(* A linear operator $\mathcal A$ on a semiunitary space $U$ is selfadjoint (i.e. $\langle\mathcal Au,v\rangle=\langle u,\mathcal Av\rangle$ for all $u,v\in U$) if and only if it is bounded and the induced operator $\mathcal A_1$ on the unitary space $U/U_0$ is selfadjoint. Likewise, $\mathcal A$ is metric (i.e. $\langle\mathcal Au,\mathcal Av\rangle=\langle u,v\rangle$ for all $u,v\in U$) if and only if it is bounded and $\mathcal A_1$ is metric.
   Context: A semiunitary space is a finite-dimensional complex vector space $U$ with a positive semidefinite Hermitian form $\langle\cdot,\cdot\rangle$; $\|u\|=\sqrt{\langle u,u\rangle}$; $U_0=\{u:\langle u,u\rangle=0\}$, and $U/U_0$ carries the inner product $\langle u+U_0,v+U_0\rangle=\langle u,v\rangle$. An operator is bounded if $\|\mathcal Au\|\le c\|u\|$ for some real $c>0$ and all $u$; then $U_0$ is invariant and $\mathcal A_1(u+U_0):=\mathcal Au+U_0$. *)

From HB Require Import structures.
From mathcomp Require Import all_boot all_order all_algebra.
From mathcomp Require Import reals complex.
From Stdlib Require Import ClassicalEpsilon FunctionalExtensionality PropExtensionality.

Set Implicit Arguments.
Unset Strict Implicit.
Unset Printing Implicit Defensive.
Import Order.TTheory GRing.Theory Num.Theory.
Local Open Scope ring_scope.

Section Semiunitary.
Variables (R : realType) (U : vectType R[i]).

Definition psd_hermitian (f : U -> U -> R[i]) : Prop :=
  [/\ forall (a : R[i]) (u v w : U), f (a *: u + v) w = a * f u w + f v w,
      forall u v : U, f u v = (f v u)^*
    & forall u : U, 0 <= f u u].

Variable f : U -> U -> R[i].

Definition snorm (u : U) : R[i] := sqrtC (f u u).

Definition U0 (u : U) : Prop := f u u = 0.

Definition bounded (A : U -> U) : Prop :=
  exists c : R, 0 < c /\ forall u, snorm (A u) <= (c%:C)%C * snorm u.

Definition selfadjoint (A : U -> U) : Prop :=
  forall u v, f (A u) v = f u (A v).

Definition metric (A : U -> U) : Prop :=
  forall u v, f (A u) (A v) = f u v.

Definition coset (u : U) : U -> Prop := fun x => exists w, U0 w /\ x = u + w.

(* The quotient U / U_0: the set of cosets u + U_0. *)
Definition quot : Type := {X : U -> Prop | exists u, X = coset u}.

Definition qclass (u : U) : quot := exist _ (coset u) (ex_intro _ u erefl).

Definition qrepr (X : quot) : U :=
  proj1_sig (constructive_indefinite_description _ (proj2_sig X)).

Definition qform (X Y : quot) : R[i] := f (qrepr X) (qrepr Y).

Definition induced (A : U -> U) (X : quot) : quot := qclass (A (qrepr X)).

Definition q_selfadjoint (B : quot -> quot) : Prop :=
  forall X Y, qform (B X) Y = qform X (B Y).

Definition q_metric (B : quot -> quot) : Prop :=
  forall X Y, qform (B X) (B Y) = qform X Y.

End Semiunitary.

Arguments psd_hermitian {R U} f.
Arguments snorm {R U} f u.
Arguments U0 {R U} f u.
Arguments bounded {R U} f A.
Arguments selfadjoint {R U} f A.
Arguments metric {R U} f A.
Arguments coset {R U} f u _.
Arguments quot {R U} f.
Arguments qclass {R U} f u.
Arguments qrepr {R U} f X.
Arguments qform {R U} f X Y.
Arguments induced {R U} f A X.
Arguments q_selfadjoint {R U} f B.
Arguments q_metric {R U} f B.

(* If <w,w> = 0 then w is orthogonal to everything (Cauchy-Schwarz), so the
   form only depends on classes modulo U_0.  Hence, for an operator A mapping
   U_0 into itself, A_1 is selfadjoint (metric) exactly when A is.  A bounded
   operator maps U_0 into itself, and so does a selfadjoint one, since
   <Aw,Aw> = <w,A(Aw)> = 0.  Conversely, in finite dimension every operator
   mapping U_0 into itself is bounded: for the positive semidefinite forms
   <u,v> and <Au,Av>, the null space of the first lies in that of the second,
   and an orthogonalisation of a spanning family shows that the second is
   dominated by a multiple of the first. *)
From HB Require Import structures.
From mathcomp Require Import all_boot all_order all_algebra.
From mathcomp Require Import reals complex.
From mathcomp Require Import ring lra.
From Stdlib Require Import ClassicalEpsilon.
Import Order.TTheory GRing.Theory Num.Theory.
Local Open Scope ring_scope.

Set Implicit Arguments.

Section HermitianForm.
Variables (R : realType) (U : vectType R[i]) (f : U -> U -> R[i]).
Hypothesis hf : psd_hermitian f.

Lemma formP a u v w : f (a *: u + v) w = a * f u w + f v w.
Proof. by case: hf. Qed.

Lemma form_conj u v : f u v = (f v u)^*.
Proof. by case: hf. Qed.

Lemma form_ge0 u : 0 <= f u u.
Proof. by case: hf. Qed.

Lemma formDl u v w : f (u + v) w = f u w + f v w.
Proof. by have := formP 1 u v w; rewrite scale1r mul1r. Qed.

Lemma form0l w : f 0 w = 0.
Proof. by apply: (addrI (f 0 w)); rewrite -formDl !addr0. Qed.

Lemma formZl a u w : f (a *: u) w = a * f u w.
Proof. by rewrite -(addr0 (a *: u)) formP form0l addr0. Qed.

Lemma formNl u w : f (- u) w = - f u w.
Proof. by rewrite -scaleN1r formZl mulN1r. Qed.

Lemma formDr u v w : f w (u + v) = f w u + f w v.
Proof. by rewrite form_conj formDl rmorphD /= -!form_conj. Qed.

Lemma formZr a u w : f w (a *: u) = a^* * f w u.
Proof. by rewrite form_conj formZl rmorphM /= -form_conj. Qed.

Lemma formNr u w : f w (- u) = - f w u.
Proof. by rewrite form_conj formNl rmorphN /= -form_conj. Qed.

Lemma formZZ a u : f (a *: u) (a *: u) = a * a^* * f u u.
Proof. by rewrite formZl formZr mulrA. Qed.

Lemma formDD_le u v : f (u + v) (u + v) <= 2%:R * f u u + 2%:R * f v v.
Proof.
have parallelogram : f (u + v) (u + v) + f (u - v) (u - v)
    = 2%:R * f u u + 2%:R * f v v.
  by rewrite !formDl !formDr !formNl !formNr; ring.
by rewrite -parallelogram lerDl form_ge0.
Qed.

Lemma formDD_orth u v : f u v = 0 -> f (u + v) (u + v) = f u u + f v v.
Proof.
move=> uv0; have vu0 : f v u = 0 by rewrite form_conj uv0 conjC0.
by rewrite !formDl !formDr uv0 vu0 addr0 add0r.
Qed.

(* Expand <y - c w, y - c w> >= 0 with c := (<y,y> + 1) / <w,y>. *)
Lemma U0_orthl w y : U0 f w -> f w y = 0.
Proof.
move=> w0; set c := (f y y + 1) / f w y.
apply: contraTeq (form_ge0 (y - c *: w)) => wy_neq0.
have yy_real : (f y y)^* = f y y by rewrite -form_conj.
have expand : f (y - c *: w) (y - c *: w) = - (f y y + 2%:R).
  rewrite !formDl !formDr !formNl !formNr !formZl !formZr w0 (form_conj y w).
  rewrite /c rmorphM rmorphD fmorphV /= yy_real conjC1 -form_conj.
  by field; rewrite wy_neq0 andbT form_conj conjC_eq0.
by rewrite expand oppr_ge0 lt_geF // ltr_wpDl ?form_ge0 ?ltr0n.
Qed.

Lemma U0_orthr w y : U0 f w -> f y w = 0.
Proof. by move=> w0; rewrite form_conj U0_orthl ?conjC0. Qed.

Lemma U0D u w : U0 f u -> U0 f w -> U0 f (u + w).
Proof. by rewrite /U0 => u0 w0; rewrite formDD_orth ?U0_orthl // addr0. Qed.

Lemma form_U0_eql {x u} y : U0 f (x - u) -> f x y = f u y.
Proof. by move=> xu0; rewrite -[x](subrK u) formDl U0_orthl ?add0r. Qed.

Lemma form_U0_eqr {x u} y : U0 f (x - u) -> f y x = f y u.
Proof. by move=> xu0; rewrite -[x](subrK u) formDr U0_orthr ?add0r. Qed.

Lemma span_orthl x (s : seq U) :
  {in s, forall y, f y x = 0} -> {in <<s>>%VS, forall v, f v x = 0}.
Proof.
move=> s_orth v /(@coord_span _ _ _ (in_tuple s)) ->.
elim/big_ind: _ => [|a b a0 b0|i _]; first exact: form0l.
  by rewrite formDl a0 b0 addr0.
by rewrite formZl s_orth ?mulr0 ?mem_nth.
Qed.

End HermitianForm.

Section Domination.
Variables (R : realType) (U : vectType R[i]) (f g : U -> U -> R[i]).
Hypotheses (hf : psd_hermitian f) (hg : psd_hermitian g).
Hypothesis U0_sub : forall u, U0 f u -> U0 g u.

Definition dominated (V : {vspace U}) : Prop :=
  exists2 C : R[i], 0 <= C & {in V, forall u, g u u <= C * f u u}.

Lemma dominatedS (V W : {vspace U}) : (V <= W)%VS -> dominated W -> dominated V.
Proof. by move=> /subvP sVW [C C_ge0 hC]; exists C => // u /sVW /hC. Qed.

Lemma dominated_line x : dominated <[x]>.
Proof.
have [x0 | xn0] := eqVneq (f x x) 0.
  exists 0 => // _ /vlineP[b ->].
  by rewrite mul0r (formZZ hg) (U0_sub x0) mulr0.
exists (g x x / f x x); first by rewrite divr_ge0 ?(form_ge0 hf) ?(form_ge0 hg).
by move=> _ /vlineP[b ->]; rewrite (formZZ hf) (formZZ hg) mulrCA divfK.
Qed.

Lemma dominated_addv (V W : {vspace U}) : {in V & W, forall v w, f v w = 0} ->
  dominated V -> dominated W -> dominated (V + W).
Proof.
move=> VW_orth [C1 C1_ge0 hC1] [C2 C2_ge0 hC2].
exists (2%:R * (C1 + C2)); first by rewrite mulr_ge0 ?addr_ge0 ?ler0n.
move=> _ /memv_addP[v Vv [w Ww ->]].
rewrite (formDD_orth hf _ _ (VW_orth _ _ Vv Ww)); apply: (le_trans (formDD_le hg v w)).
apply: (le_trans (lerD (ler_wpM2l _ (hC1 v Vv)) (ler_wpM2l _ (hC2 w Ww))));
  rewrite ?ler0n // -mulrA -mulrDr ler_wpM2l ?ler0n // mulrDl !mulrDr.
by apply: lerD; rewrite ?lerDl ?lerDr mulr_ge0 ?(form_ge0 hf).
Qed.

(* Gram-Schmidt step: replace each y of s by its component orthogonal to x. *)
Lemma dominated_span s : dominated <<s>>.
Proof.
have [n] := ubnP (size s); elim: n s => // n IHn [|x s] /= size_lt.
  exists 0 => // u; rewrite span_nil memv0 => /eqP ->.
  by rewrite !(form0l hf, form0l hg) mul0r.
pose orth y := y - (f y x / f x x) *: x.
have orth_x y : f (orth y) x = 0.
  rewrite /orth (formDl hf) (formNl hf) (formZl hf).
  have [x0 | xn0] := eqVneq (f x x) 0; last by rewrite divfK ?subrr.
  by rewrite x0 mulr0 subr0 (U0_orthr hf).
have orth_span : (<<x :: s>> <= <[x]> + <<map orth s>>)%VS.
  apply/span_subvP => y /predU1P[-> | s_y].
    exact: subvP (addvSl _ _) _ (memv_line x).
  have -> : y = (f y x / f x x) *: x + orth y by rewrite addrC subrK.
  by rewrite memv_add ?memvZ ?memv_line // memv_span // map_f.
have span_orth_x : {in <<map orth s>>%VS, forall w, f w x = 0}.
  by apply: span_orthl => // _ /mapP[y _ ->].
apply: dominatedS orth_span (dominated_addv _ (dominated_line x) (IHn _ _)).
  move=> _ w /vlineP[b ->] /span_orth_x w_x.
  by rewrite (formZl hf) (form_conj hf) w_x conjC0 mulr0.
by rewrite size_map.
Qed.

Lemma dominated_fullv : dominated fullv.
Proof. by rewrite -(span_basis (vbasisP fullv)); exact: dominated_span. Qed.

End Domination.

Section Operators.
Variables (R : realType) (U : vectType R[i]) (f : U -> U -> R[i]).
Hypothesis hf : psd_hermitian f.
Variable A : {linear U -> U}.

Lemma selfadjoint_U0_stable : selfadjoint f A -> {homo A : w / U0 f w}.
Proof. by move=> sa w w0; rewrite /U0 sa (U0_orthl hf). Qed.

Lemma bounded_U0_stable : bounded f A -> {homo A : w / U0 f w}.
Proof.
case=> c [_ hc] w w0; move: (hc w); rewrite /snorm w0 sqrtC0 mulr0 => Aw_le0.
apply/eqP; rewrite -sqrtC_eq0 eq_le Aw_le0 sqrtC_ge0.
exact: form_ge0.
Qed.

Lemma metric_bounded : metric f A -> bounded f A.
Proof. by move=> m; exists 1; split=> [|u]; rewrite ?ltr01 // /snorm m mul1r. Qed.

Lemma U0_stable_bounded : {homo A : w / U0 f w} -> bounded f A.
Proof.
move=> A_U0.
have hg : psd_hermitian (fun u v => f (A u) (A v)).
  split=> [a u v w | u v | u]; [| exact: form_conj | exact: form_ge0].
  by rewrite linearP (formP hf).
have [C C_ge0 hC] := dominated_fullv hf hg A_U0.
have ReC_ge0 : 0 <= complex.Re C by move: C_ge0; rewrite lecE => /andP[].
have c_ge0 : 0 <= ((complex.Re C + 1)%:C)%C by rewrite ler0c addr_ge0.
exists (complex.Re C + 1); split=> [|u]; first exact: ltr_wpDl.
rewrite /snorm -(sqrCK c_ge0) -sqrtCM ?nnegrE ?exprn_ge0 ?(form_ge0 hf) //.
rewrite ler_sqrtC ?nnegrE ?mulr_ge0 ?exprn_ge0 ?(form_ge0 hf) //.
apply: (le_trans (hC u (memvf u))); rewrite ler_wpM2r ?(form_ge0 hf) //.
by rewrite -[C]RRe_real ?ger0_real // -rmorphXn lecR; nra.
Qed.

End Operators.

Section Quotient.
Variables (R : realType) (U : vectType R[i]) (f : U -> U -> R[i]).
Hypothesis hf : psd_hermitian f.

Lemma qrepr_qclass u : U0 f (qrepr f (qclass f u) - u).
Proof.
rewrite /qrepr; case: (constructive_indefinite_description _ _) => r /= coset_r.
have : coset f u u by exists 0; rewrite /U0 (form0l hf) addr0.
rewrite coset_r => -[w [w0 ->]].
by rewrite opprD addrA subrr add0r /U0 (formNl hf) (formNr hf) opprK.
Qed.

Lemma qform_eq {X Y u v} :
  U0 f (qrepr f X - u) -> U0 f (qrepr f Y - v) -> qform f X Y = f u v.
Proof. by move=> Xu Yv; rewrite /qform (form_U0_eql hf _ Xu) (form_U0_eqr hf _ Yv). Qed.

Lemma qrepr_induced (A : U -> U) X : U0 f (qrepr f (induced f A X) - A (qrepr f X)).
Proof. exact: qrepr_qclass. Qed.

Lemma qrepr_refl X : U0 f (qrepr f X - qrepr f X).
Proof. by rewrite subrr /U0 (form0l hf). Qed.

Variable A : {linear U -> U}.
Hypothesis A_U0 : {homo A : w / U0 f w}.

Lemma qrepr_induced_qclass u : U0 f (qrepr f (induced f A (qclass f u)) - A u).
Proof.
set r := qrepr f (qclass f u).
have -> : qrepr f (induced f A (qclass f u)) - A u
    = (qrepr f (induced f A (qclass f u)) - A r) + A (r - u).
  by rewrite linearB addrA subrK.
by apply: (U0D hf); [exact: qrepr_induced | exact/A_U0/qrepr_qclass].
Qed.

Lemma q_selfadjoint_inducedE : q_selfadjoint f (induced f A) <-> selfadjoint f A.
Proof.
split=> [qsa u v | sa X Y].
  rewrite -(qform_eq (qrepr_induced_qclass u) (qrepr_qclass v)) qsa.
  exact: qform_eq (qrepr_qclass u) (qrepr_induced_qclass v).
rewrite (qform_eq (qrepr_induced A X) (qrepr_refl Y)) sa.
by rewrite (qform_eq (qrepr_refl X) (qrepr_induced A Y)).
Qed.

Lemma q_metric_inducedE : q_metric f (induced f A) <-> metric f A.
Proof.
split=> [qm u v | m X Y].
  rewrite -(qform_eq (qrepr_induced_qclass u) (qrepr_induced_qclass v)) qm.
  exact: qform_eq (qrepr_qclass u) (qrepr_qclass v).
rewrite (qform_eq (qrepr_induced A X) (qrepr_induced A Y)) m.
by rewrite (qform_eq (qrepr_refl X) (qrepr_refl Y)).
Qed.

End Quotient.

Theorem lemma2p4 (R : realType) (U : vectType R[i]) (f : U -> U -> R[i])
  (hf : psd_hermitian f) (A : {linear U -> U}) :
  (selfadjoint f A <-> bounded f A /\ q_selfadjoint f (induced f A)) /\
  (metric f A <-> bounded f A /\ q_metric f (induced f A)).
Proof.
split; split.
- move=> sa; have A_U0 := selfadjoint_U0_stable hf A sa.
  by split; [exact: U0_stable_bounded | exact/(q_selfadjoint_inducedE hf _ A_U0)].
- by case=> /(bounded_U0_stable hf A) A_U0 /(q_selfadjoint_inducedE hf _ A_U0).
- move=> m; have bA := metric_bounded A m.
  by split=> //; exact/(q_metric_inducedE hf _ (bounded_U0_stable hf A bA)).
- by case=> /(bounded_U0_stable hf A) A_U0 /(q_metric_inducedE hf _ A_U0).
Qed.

◆ ◆ ◆ ◆ ◆

Task description: Reproduce, word for word and in full, only the lines above that start at the line with "have yy_real : (f" and run through the line with "y x = f y u.", both ends included.

Finished task:
have yy_real : (f y y)^* = f y y by rewrite -form_conj.
have expand : f (y - c *: w) (y - c *: w) = - (f y y + 2%:R).
  rewrite !formDl !formDr !formNl !formNr !formZl !formZr w0 (form_conj y w).
  rewrite /c rmorphM rmorphD fmorphV /= yy_real conjC1 -form_conj.
  by field; rewrite wy_neq0 andbT form_conj conjC_eq0.
by rewrite expand oppr_ge0 lt_geF // ltr_wpDl ?form_ge0 ?ltr0n.
Qed.

Lemma U0_orthr w y : U0 f w -> f y w = 0.
Proof. by move=> w0; rewrite form_conj U0_orthl ?conjC0. Qed.

Lemma U0D u w : U0 f u -> U0 f w -> U0 f (u + w).
Proof. by rewrite /U0 => u0 w0; rewrite formDD_orth ?U0_orthl // addr0. Qed.

Lemma form_U0_eql {x u} y : U0 f (x - u) -> f x y = f u y.
Proof. by move=> xu0; rewrite -[x](subrK u) formDl U0_orthl ?add0r. Qed.

Lemma form_U0_eqr {x u} y : U0 f (x - u) -> f y x = f y u.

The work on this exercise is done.